● **What the task asks**
Below is a listing; restate from it, character for character, the lines beginning at the line holding "f th x = P_th(X = x). *)" and ending at the line holding "Definition in_support (x", both included.

● **Data extracts**
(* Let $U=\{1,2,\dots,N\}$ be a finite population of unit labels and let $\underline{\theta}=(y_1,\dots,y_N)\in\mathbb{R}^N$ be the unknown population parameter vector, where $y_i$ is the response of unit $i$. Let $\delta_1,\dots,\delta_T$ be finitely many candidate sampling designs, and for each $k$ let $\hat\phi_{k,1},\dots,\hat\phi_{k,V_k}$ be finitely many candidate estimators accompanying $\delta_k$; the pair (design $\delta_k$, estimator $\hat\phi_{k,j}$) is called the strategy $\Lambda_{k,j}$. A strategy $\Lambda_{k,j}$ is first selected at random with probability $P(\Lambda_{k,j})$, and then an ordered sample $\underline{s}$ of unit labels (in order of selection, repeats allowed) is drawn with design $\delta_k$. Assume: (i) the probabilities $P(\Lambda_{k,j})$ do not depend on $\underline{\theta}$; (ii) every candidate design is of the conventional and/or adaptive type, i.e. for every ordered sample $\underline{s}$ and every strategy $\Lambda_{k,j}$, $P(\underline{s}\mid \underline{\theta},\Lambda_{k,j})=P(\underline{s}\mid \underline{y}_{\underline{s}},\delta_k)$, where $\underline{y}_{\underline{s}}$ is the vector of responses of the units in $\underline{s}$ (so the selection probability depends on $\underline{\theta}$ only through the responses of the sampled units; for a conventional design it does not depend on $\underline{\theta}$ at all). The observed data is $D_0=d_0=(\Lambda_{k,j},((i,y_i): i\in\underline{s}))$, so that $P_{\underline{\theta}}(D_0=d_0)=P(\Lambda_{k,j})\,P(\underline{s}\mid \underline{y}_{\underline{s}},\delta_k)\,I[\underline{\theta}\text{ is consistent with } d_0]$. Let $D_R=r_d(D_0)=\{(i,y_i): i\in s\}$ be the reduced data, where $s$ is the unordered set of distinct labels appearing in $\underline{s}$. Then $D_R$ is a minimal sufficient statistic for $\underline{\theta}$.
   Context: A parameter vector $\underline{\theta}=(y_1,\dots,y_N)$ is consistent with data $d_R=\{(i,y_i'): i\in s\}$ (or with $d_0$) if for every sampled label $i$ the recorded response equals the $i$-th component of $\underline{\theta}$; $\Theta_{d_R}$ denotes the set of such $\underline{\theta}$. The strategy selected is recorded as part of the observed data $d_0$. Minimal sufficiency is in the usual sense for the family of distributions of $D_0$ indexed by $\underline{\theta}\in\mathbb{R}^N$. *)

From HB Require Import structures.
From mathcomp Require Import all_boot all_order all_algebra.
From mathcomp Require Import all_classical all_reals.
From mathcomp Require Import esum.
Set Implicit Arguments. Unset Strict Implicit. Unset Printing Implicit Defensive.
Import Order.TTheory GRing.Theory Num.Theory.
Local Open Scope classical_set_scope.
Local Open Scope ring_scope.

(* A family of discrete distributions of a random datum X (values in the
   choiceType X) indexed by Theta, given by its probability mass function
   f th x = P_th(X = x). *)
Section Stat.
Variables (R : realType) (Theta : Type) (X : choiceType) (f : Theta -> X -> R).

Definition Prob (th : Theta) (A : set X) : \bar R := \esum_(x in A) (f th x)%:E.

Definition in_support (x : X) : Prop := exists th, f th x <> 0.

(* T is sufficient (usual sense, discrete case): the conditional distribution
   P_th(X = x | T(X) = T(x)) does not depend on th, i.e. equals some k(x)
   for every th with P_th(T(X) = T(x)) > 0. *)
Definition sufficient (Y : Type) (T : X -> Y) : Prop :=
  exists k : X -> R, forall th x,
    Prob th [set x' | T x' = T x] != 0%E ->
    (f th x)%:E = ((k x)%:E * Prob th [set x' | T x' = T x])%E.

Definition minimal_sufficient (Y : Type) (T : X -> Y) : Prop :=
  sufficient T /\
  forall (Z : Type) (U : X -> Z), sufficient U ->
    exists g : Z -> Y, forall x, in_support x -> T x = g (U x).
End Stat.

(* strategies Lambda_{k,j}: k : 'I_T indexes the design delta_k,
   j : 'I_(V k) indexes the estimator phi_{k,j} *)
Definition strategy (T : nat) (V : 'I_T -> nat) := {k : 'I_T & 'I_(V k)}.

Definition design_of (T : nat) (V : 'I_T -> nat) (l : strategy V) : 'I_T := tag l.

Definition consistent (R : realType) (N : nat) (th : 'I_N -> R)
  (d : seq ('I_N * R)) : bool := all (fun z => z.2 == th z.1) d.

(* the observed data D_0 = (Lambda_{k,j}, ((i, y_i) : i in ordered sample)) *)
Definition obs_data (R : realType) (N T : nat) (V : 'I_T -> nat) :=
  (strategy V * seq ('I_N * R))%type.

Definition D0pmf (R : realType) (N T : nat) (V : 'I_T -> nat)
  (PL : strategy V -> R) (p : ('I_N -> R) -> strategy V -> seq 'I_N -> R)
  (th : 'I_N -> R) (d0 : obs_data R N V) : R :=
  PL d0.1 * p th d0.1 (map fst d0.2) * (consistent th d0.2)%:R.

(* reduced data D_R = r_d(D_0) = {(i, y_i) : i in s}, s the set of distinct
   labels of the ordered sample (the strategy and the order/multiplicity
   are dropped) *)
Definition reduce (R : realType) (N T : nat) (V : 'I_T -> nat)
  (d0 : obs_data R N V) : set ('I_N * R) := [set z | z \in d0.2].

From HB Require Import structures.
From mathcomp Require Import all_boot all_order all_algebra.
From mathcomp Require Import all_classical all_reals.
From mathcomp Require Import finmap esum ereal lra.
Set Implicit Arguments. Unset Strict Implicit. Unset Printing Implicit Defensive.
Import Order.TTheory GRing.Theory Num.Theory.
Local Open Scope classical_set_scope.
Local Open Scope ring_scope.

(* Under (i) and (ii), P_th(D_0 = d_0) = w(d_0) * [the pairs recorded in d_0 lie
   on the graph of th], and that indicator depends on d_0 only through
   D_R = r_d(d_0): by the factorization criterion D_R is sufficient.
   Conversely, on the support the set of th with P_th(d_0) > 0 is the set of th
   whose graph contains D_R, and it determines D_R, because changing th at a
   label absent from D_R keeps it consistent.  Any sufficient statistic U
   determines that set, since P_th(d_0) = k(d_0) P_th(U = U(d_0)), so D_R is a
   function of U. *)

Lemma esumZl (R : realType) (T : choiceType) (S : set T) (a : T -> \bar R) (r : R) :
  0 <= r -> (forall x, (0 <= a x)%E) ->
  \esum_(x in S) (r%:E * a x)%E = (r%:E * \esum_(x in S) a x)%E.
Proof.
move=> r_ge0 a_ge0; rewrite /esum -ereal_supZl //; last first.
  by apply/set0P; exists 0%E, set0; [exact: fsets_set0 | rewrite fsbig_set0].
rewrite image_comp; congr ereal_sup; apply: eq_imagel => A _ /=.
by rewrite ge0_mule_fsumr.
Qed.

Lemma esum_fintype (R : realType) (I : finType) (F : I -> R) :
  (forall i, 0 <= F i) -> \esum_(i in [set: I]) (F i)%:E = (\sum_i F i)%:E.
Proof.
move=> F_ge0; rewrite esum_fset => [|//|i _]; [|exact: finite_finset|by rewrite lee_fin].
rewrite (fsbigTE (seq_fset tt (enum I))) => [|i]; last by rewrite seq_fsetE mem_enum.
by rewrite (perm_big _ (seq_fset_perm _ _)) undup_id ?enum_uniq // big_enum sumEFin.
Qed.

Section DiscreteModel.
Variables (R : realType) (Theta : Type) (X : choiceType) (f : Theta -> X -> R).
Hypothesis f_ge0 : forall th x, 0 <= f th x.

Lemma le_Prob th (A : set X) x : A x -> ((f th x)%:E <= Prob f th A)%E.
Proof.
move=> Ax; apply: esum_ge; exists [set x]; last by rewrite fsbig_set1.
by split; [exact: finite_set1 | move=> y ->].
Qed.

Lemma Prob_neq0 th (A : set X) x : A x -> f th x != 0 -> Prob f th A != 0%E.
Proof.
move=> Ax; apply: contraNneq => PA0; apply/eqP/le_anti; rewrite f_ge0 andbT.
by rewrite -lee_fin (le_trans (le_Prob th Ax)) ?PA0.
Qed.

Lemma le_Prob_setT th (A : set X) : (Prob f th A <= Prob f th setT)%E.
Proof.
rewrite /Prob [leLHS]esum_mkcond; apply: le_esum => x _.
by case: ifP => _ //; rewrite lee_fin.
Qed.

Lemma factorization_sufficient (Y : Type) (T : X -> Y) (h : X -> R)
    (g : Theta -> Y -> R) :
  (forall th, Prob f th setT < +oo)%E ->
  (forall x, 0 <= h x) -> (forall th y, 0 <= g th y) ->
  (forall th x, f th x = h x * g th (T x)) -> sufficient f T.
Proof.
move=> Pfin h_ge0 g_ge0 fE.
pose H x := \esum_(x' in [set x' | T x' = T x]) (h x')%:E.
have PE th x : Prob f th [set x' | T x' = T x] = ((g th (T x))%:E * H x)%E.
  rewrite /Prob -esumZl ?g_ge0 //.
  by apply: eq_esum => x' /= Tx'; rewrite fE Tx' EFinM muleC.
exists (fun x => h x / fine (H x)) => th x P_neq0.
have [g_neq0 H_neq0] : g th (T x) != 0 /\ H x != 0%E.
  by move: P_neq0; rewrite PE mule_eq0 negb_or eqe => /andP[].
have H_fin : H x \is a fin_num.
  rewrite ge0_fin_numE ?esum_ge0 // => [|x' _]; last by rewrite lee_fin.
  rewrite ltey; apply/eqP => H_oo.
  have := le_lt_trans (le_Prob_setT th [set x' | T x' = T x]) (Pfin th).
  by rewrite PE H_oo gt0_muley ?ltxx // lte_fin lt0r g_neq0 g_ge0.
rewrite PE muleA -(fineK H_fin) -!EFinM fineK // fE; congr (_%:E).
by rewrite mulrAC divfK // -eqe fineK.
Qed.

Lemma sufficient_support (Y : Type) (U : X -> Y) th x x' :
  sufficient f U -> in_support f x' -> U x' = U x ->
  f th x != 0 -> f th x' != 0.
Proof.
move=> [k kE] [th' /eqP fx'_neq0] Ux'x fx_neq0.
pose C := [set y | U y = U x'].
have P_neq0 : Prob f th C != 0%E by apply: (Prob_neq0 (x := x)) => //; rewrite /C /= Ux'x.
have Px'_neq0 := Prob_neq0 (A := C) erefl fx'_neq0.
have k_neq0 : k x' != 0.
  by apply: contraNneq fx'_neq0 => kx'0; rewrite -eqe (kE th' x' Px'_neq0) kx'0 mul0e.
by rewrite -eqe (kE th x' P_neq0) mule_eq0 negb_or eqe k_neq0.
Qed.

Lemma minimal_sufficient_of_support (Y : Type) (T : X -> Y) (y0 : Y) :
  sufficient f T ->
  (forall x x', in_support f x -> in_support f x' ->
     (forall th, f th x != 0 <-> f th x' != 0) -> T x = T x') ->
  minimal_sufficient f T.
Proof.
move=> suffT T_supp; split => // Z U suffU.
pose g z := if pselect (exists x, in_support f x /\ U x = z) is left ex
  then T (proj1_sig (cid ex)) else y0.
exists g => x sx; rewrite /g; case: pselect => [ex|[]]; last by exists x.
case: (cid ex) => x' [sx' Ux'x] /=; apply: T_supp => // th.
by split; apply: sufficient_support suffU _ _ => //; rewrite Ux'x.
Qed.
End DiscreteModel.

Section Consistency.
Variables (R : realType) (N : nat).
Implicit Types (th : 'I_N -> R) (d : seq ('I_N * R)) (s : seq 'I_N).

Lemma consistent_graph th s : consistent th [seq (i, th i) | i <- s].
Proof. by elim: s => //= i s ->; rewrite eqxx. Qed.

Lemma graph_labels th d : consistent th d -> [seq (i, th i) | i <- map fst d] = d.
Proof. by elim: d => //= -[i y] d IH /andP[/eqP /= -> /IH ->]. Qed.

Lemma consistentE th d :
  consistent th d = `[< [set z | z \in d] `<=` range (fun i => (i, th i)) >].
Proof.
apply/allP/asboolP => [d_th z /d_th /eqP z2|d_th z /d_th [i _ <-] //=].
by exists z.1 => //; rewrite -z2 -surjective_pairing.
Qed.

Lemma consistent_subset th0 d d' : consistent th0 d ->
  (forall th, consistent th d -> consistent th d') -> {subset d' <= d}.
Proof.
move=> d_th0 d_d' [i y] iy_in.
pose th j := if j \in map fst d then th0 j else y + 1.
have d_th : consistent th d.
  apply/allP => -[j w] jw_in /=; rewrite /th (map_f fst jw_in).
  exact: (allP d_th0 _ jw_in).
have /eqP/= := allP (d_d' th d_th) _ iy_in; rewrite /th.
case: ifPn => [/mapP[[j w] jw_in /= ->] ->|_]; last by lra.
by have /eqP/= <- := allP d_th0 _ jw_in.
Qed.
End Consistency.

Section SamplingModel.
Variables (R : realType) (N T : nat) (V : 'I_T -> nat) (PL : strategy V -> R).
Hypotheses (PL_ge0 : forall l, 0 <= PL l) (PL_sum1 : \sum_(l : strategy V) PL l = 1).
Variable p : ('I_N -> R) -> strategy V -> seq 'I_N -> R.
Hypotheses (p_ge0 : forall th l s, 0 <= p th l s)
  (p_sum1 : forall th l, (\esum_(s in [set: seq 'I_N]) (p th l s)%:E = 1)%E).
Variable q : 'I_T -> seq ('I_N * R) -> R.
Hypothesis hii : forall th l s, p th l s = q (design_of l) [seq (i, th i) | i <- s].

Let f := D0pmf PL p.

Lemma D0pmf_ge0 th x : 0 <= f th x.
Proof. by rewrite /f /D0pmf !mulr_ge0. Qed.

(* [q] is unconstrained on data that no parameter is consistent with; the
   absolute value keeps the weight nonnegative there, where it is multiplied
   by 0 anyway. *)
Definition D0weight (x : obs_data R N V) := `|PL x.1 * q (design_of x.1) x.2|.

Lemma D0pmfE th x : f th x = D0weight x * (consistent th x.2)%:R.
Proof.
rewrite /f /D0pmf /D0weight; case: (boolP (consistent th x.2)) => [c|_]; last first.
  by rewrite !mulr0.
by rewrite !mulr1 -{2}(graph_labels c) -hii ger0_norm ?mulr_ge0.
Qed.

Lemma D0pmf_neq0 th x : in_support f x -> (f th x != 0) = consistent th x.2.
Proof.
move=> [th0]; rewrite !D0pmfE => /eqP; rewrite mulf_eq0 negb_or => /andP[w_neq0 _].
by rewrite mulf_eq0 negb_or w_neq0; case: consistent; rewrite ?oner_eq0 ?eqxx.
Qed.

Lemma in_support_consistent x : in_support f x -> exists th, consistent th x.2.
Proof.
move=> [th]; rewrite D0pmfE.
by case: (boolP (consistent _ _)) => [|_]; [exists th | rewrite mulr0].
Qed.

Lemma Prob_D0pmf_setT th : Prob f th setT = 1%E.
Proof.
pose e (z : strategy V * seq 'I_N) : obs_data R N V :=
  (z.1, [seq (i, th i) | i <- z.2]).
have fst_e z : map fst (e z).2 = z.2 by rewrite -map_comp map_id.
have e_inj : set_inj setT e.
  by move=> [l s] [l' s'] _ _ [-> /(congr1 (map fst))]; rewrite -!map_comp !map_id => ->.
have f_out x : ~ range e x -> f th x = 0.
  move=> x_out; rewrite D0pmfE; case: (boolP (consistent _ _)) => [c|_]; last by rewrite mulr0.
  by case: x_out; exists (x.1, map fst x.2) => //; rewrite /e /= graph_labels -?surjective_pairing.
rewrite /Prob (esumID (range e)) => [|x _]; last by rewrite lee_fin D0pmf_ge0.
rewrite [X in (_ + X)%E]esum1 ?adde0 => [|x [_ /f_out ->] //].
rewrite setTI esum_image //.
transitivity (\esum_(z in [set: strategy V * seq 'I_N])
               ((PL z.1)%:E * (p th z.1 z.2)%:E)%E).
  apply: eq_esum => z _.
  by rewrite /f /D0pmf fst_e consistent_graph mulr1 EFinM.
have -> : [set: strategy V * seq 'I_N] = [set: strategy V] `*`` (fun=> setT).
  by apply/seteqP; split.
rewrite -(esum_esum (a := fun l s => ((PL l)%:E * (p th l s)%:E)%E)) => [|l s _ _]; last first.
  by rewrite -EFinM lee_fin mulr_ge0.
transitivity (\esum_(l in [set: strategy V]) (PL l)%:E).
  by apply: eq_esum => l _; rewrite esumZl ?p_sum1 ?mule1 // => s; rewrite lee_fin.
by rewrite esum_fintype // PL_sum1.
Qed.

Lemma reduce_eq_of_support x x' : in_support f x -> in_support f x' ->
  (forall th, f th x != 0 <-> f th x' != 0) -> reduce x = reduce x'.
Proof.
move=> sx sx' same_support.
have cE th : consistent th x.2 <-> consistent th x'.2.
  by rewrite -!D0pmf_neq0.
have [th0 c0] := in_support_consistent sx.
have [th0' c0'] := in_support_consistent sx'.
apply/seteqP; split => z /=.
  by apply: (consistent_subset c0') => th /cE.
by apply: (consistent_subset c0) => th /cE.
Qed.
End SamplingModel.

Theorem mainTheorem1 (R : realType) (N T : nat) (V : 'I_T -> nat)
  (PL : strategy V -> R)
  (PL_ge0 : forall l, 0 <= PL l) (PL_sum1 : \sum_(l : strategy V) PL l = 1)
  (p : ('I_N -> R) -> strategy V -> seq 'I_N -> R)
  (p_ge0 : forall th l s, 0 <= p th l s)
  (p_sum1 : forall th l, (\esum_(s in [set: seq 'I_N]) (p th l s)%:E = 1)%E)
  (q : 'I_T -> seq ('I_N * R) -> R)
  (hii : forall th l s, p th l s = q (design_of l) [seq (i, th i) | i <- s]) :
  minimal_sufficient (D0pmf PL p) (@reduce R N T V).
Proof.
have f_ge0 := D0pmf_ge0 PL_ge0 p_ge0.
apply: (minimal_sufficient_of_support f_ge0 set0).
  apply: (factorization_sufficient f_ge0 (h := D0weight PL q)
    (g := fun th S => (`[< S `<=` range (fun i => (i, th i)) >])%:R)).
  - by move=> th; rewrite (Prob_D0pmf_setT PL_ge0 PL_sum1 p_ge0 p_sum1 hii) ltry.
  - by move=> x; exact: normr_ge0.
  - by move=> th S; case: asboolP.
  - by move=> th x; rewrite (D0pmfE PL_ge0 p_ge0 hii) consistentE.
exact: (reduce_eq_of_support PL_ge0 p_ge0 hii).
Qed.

● **Completed task**
   f th x = P_th(X = x). *)
Section Stat.
Variables (R : realType) (Theta : Type) (X : choiceType) (f : Theta -> X -> R).

Definition Prob (th : Theta) (A : set X) : \bar R := \esum_(x in A) (f th x)%:E.

Definition in_support (x : X) : Prop := exists th, f th x <> 0.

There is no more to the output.